In the past two decades the landscape of our workforce has changed dramatically from traditional brick and mortar buildings to distributed work environments because of the advancement of technology. From having all employees in a physical building to having employees spread all over the world in an array of physical locations. By definition, a distributed work environment is an organization structure where “… the vast majority of employees work from wherever they are comfortable and productive. Perhaps most importantly, communication and culture are moved outside the boundaries of a physical location so that everyone is able to be included wherever they live” (Robins, 2014, p. 3). A more technical definition explains the distributed work environment as “… an environment in which a plurality of mobile workers using portable computing devices can gain access to a network via network access stations installed within the work environment” (Cole et al., 2002, p. 1). Both definitions reiterate the idea that traditional company headquarters are gradually changing from one main location to wherever an employee wants it to be.

As we begin to understand the concept of what a distributed work environment is, it is important to also understand what it is not.

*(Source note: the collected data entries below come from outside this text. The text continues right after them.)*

(** * The sets Lambda_x(rho) *)

Section Lambda_analytic.
Variables (Omega Psi : countType) (calF : set (cube Omega)).
Variables (rho : cube Omega -> cube Psi) (x : Psi -> X).
Hypothesis calF_setminus : forall A (K : seq Omega), calF A -> calF (setminus_fin A K).
Hypothesis rho_infsets : forall F, calF F -> infsets Psi (rho F).
Hypothesis rho_borel : forall B : set (cube Psi), borel_set B ->
  exists2 C : set (cube Omega), borel_set C &
    calF `&` (rho @^-1` (B `&` infsets Psi)) = calF `&` C.
Variable g : baire_space -> cube Omega.
Hypotheses (g_continuous : continuous g) (g_range : range g = calF).

Let trim (K : seq Omega) (z : baire_space) := setminus_fin (g (bcol 0 z)) K.

Let trim_continuous K : continuous (trim K).
Proof.
have gcol : continuous (g \o bcol 0).
  by move=> z; apply: continuous_comp; [exact: bcol_continuous | exact: g_continuous].
move=> z; exact: continuous_comp (gcol z) (@setminus_fin_continuous _ K (g (bcol 0 z))).
Qed.

Let calF_trim K z : calF (trim K z).
Proof. by apply: calF_setminus; rewrite -g_range; exists (bcol 0 z). Qed.

Let analytic_rho_trim K (W : set Psi) :
  analytic [set z | forall s, rho (trim K z) s -> W s].
Proof.
have [C borelC rhoC] := rho_borel (borel_set_closed (@closed_subcube _ W)).
have -> : [set z | forall s, rho (trim K z) s -> W s] = trim K @^-1` C.
  apply/seteqP; split => z zW.
  - suff : (calF `&` rho @^-1`
        ([set G : cube Psi | forall s, G s -> W s] `&` infsets Psi)) (trim K z).
      by rewrite rhoC => -[].
    by split; [exact: calF_trim | split => //; exact/rho_infsets/calF_trim].
  - have : (calF `&` C) (trim K z) by split => //; exact: calF_trim.
    by rewrite -rhoC => -[_ []].
by apply: analytic_preimage_borel borelC; apply: trim_continuous.
Qed.

(* z codes F = g (bcol 0 z) and the point approx_lim (bcol 1 z). *)
Definition Lambda_code : set baire_space := [set z | forall k, exists K, forall s,
  rho (trim K z) s -> d (approx (bcol 1 z) k) (x s) < 2 * inv2exp k].

Lemma analytic_Lambda_code : analytic Lambda_code.
Proof.
have -> : Lambda_code = \bigcap_k \bigcup_(Kj in [set: seq Omega * nat])
    ([set z | cauchy_index (bcol 1 z) k = Kj.2] `&`
     [set z | forall s, rho (trim Kj.1 z) s -> d (u Kj.2) (x s) < 2 * inv2exp k]).
  apply/seteqP; split => [z zL k _|z zL k].
    by have [K zK] := zL k; exists (K, cauchy_index (bcol 1 z) k).
  by have [[K j] _ [/= zj zK]] := zL k I; exists K; rewrite /approx zj.
apply: analytic_bigcap => [|k]; first exact: baire_hausdorff.
apply: analytic_bigcup => -[K j] _.
apply: analytic_setI; [exact: baire_hausdorff | | exact: analytic_rho_trim].
apply: analytic_open_baire; rewrite openE => z /= zj.
have near_z : nbhs z (bcol 1 @^-1`
    [set w | cauchy_index w k = cauchy_index (bcol 1 z) k]).
  exact: (@bcol_continuous 1 z) _ (near_cauchy_index (bcol 1 z) k).
by apply: filterS near_z => w /=; rewrite zj.
Qed.

Lemma Lambda_code_image :
  Lambda calF rho x = (approx_lim \o bcol 1) @` Lambda_code.
Proof.
apply/seteqP; split => [y [F calF_F Fy]|_ [z zL <-]].
- have [p _ gp] : range g F by rewrite g_range.
  have [q [qy q_lt]] := approx_lim_onto y.
  exists (bjoin (fun n => if n is 0 then p else q)); last by rewrite /= bcolK.
  move=> k; have [K FK] := Fy _ (nbhs_ball y (inv2exp_gt0 k)).
  exists K => s; rewrite /trim !bcolK /= gp => /FK /= ys.
  by apply: le_lt_trans (d_triangle _ y _) _; have := q_lt k; lra.
- exists (g (bcol 0 z)); first by rewrite -g_range; exists (bcol 0 z).
  move=> U /nbhs_ballP[e e0 eU].
  have [k ke] : exists k, inv2exp k < e / 3 by apply: inv2exp_small; lra.
  have [K zK] := zL k; exists K => s /zK xs; apply: eU => /=.
  have := dist_approx_lim (bcol 1 z) k.
  have := d_triangle (approx_lim (bcol 1 z)) (approx (bcol 1 z) k) (x s).
  have := d_sym (approx_lim (bcol 1 z)) (approx (bcol 1 z) k).
  by have := inv2exp_gt0 k; lra.
Qed.

Lemma analytic_Lambda : analytic (Lambda calF rho x).
Proof.
rewrite Lambda_code_image; apply: analytic_image analytic_Lambda_code.
move=> z; apply: continuous_comp; first exact: bcol_continuous.
exact: approx_lim_continuous.
Qed.

End Lambda_analytic.
End cauchy_approximation.
End polish_approximation.

Theorem proposition4p1 (Omega Psi : countType) (X : topologicalType)
    (calF : set (cube Omega)) (rho : cube Omega -> cube Psi) :
  infinite_set [set: Omega] ->
  infinite_set [set: Psi] ->
  polish X ->
  (* standing assumptions on calF *)
  calF !=set0 ->
  calF `<=` infsets Omega ->
  (forall A (K : seq Omega), calF A -> calF (setminus_fin A K)) ->
  (* rho : calF -> [Psi]^omega, partition regular *)
  (forall F, calF F -> infsets Psi (rho F)) ->
  partition_regular calF rho ->
  (* calF analytic (as a subset of [Omega]^omega) *)
  analytic calF ->
  (* rho Borel, as a map from the subspace calF to the subspace [Psi]^omega *)
  (forall B : set (cube Psi), borel_set B ->
     exists2 C : set (cube Omega), borel_set C &
       calF `&` (rho @^-1` (B `&` infsets Psi)) = calF `&` C) ->
  forall A : set X, scrL calF rho A -> analytic A.
Proof.
move=> _ _ [d [[d_ge0 d_eq0 d_sym d_triangle] d_open d_complete [D [cD clD]]]].
move=> nzF _ calF_setminus rho_infsets _ anF rho_borel A [[x ->]|->]; last by left.
have [->|/set0P[x0 _]] := eqVneq (Lambda calF rho x) set0; first by left.
have [u u_dense] := separable_dense_seq d_eq0 d_sym d_triangle d_open x0 cD clD.
have [g [g_continuous g_range]] :
    exists g : baire_space -> cube Omega, continuous g /\ range g = calF.
  by case: anF => // F0; case: nzF => F; rewrite F0.
exact: (analytic_Lambda d_ge0 d_eq0 d_sym d_triangle d_open d_complete x0
  u_dense x calF_setminus rho_infsets rho_borel g_continuous g_range).
Qed.
(* The k-th forward difference of n |-> x/n is (-1)^k k! x / (n (n+1) ... (n+k)).
   We choose k >= 1 and m >= sqrt(N/2) - k so that k! x / (n ... (n+k)) lies in (1/4, 3/4]
   for every n with m < n <= m + m/(k+1).  If x/n, ..., x/(n+k) were all within
   d = 2^-k / 8 of integers, the difference would be within 2^k d = 1/8 of an integer,
   which is impossible; so every block of k+1 consecutive integers of that window contains
   an n with |cos(pi x/n)| <= cos(pi d) <= 1 - d^2.  The window holds about m/(k+1)^2
   disjoint blocks, whence |varrho_N(x)| <= exp(-m d^2/(k+1)^2).  With s = sqrt(N/2), the
   constraint log x <= (log s)^2/64 forces k <= 1 + (log s)/64, so 4^k <= 9 s^(1/32), and
   the bound beats 1/x^2 once log s is large. *)

From Stdlib Require Import Reals Lra Lia Classical ZArith.
Open Scope R_scope.

Lemma discrete_ivt (Q : nat -> Prop) (a b : nat) : (a <= b)%nat -> ~ Q a -> Q b ->
  exists n, (a <= n < b)%nat /\ ~ Q n /\ Q (S n).
Proof.
  intros Hab Ha Hb. induction Hab as [|b Hab IH]; [contradiction|].
  destruct (classic (Q b)) as [Hq|Hq].
  - destruct (IH Hq) as [n [Hn HQ]]. exists n. split; [lia | exact HQ].
  - exists b. split; [lia | auto].
Qed.

Lemma exists_nat_between (y : R) : 0 <= y -> exists n : nat, y < INR n <= y + 1.
Proof.
  intros Hy. destruct (archimed y) as [Hup1 Hup2].
  assert (Hz : (0 <= up y)%Z) by (apply le_IZR; lra).
  exists (Z.to_nat (up y)). rewrite INR_IZR_INZ, Z2Nat.id by exact Hz. lra.
Qed.

Lemma INR_lt_div_succ (m q : nat) : (0 < q)%nat -> INR m < INR q * (INR (m / q) + 1).
Proof.
  intros Hq. rewrite <- S_INR, <- mult_INR. apply lt_INR.
  pose proof (Nat.div_mod m q ltac:(lia)). pose proof (Nat.mod_upper_bound m q ltac:(lia)). nia.
Qed.

Lemma exp_le_mono (a b : R) : a <= b -> exp a <= exp b.
Proof. intros [H|H]; [left; apply exp_increasing, H | right; rewrite H; reflexivity]. Qed.

Lemma ln_le_mono (a b : R) : 0 < a -> a <= b -> ln a <= ln b.
Proof. intros Ha [H|H]; [left; apply ln_increasing; lra | right; rewrite H; reflexivity]. Qed.

Lemma exp_pow (a : R) (n : nat) : exp a ^ n = exp (INR n * a).
Proof.
  induction n as [|n IH]; [simpl; rewrite Rmult_0_l, exp_0; ring|].
  rewrite S_INR. simpl pow. rewrite IH, <- exp_plus. f_equal. ring.
Qed.

Lemma pow_le_one (c : R) (n : nat) : 0 <= c <= 1 -> c ^ n <= 1.
Proof.
  intros Hc. induction n as [|n IH]; simpl; [lra|].
  pose proof (pow_le c n (proj1 Hc)). nra.
Qed.

Lemma pow_le_pow_of_le_one (c : R) (a b : nat) : 0 <= c <= 1 -> (a <= b)%nat -> c ^ b <= c ^ a.
Proof.
  intros Hc Hab. replace b with (a + (b - a))%nat by lia. rewrite pow_add.
  pose proof (pow_le c a (proj1 Hc)). pose proof (pow_le c (b - a) (proj1 Hc)).
  pose proof (pow_le_one c (b - a) Hc). nra.
Qed.

Lemma fact_le_pow (k : nat) : (fact k <= k ^ k)%nat.
Proof.
  induction k as [|k IH]; simpl; [lia|].
  assert (k ^ k <= S k ^ k)%nat by (apply Nat.pow_le_mono_l; lia). nia.
Qed.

According to Jeff Robbins (2014), from Lullabot, a strategy, design and development company that has embraced and implemented a distributed work environment for his company, a distributed work environment is not:

  • One with a prominent central office where the majority of people work most of the time (Robins, 2014, p. 4)

  • A corporation with multiple locations (Robins, 2014, p. 4)

  • A company where people are often allowed to work from home (Robins, 2014, p. 4)

  • A company that takes advantage of outsourcing, freelancers, or subcontractors (Robins, 2014, p. 4)

  • A co-working space where people freelance on similar projects (Robins, 2014, p. 4)

  • A single freelancer (Robins, 2014, p. 4)

  • A department within a large company where most people work from home (for instance, the customer service branch of an airline) – though this may qualify as a distributed team (Robins, 2014, p. 4)

Key Terms in this Chapter

Teleworker: Employees who work from home or satellite locations for an organization.

Communication: The process of imparting or interchange of thoughts, opinions, or information by speech, writing, or signs.

Virtual Teams: A team of employees working together from different remote locations. The majority of their collaboration occurs online.

Intra-Organizational: The level to which an employees has built strong relationships with their colleagues within an organization.

Socialization: A continuing process whereby an individual acquires a personal identity and learns the norms, values, behavior, and social skills appropriate to his or her social position.

Self-Directed: The ability to guide, manage or regulate oneself without supervision.

Self-Motivation: Initiative to undertake or continue a task or activity without another's prodding or supervision.

Personality: The sum total of the physical, mental, emotional, and social characteristics of an individual. The organized pattern of behavioral characteristics of the individual.